Geoarchaeology major Mary Beth Day '07 has been named to USA Today's All-USA College Academic First Team. Each February, USA Today honors 20 undergraduate academic all-stars as its All-USA College Academic Team. Day is the first Hamilton student to earn the honor. The team honors full-time undergraduates who not only excel in scholarship but also extend their intellectual abilities beyond the classroom to benefit society.

Day has received numerous academic honors while a student at Hamilton. As a sophomore, she was recipient of the Barry M. Goldwater Scholarship, a national award recognizing excellence in undergraduate research in math, science and engineering.  

Last August, Day was invited to assist Harvard University Professor of Geology Paul Hoffman and Hamilton College Professor of Geosciences Eugene Domack on a field excursion to Namibia where she spent three weeks mapping and collecting rocks from the Neoproterozoic (approximately 1 billion to 540 million years ago) in order to contribute to ongoing research about the Snowball Earth hypothesis, which describes the glacial conditions from high to low latitudes during the late Neoproterozoic. 

In June and July 2006 she was a guest student at the Woods Hole Oceanographic Institution, where she worked in the National Ocean Sciences Accelerator Mass Spectrometer facility under senior scientist John Hayes on a new method that improves the accuracy of radiocarbon dates of Antarctic marine sediments using stepped-combustion.  Day later presented a lecture at 2006 Geological Society of America annual meeting on the research she conducted at Woods Hole.

In 2005 Day was awarded a Hamilton College Emerson Grant that funds 10 weeks of summer research for student and faculty pairs. Her project examined the chemical characterization of stone tool materials used by paleoindians in the Great Basin. She presented a poster on that research at the 2006 Society for American Archaeology annual meeting in Puerto Rico.

During the summer of 2003, she was the recipient of a National Science Foundation - Science, Technology, Engineering, and Mathematics Talent Expansion Program Grant which is awarded to selected incoming freshmen to support five weeks of summer research prior to the beginning of the first year at Hamilton.


Day also co-authored, with Hamilton chemistry professors, research articles that were published in the International Journal of Quantum Chemistry and Journal of Physical Chemistry.

Day is principal flutist and piccolo player with the Hamilton College Orchestra, and a member of the chamber music group; a teaching assistant for the Geology and Archaeology departments; a Geology Club executive board member; and a former resident advisor.

She participates in several volunteer programs through the Hamilton Action Volunteer Outreach Coalition including the food salvage program, teaching juggling at a local elementary school, serving at a soup kitchen, and the Underground Café, a student-run café and social space for children in nearby Utica.

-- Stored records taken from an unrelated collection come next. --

Lemma ulim_exists x : (forall i, 0 <= x i <= 1) -> exists r, ulim x r.
Proof.
  intros Hx. set (E := fun r => U (fun i => r <= x i)).
  assert (HE0 : E 0) by (apply ultra_all; intros; apply Hx).
  assert (Hb : bound E).
  { exists 1. intros r Hr. destruct (Rle_dec r 1) as [|n]; auto.
    destruct (ultra_ex _ Hr) as [i Hi]. pose proof (Hx i). lra. }
  destruct (completeness E Hb (ex_intro _ 0 HE0)) as [l [Hub Hlub]].
  exists l. intros eps Heps.
  assert (Hlo : U (fun i => l - eps < x i)).
  { destruct (filter.in_ultra_setVsetC (fun i => l - eps < x i) HU) as [H|H]; auto.
    assert (Hle : forall r, E r -> r <= l - eps).
    { intros r Hr. apply Rnot_lt_le. intros Hlt.
      destruct (ultra_ex _ (ultra_and _ _ H Hr)) as [i [Hi1 Hi2]]. apply Hi1. lra. }
    specialize (Hlub (l - eps) Hle). lra. }
  assert (Hhi : U (fun i => x i < l + eps)).
  { destruct (filter.in_ultra_setVsetC (fun i => x i < l + eps) HU) as [H|H]; auto.
    assert (HE : E (l + eps)) by (revert H; apply ultra_mono; intros i h; exact (Rnot_lt_le _ _ h)).
    specialize (Hub _ HE). lra. }
  generalize (ultra_and _ _ Hlo Hhi). apply ultra_mono.
  intros i [h1 h2]. apply Rabs_def1; lra.
Qed.

Lemma ulim_choice {X : Type} (x : X -> I -> R) : (forall E i, 0 <= x E i <= 1) ->
  exists m : X -> R, forall E, ulim (x E) (m E).
Proof. intros Hx. apply (functional_choice (fun E r => ulim (x E) r)). intros E. apply ulim_exists, Hx. Qed.

Lemma ulim_close x y r s : ulim x r -> ulim y s ->
  (forall eps, 0 < eps -> U (fun i => Rabs (x i - y i) < eps)) -> r = s.
Proof.
  intros Hr Hs Hxy. apply NNPP. intros Hne.
  set (eps := Rabs (r - s) / 4).
  assert (Heps : 0 < eps) by (unfold eps; apply Rdiv_lt_0_compat; [apply Rabs_pos_lt; lra|lra]).
  destruct (ultra_ex _ (ultra_and _ _ (Hr eps Heps) (ultra_and _ _ (Hs eps Heps) (Hxy eps Heps))))
    as [i [H1 [H2 H3]]].
  assert (Hrs : Rabs (r - s) < 3 * eps).
  { replace (r - s) with (- (x i - r) + (y i - s) + (x i - y i)) by ring.
    eapply Rle_lt_trans; [apply Rabs_triang|].
    eapply Rle_lt_trans; [apply Rplus_le_compat_r, Rabs_triang|].
    rewrite Rabs_Ropp. lra. }
  unfold eps in Hrs. pose proof (Rabs_pos (r - s)). lra.
Qed.

Lemma ulim_unique x r s : ulim x r -> ulim x s -> r = s.
Proof.
  intros Hr Hs. apply (ulim_close x x); auto. intros eps He. apply ultra_all.
  intros i. rewrite Rminus_diag, Rabs_R0. auto.
Qed.

Lemma ulim_plus x y r s : ulim x r -> ulim y s -> ulim (fun i => x i + y i) (r + s).
Proof.
  intros Hr Hs eps Heps.
  generalize (ultra_and _ _ (Hr (eps / 2) ltac:(lra)) (Hs (eps / 2) ltac:(lra))).
  apply ultra_mono. intros i [h1 h2].
  replace (x i + y i - (r + s)) with ((x i - r) + (y i - s)) by ring.
  eapply Rle_lt_trans; [apply Rabs_triang|lra].
Qed.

USA Today's All-USA Academic team program honors students who have not only challenged themselves and excelled in their course work, but extend their academic and broader intellectual abilities beyond the classroom to benefit their schools, their communities and society. A key element given most weight by the judges is the student's essay describing his or her most outstanding original academic or intellectual product.

Unlike scholarships, fellowships or grants, the All-USA Academic Team is a recognition honoring students for what they have done in college, as opposed to what they plan or hope to do upon graduation.

The program is modeled after an all-star sports team, and judges try to build a team of students who are universally outstanding and who excel in different ways. Former First Team members have excelled in the sciences, the humanities, the arts, in public service, journalism and education.

Day is the daughter of Janice and Michael Day of Seneca Falls.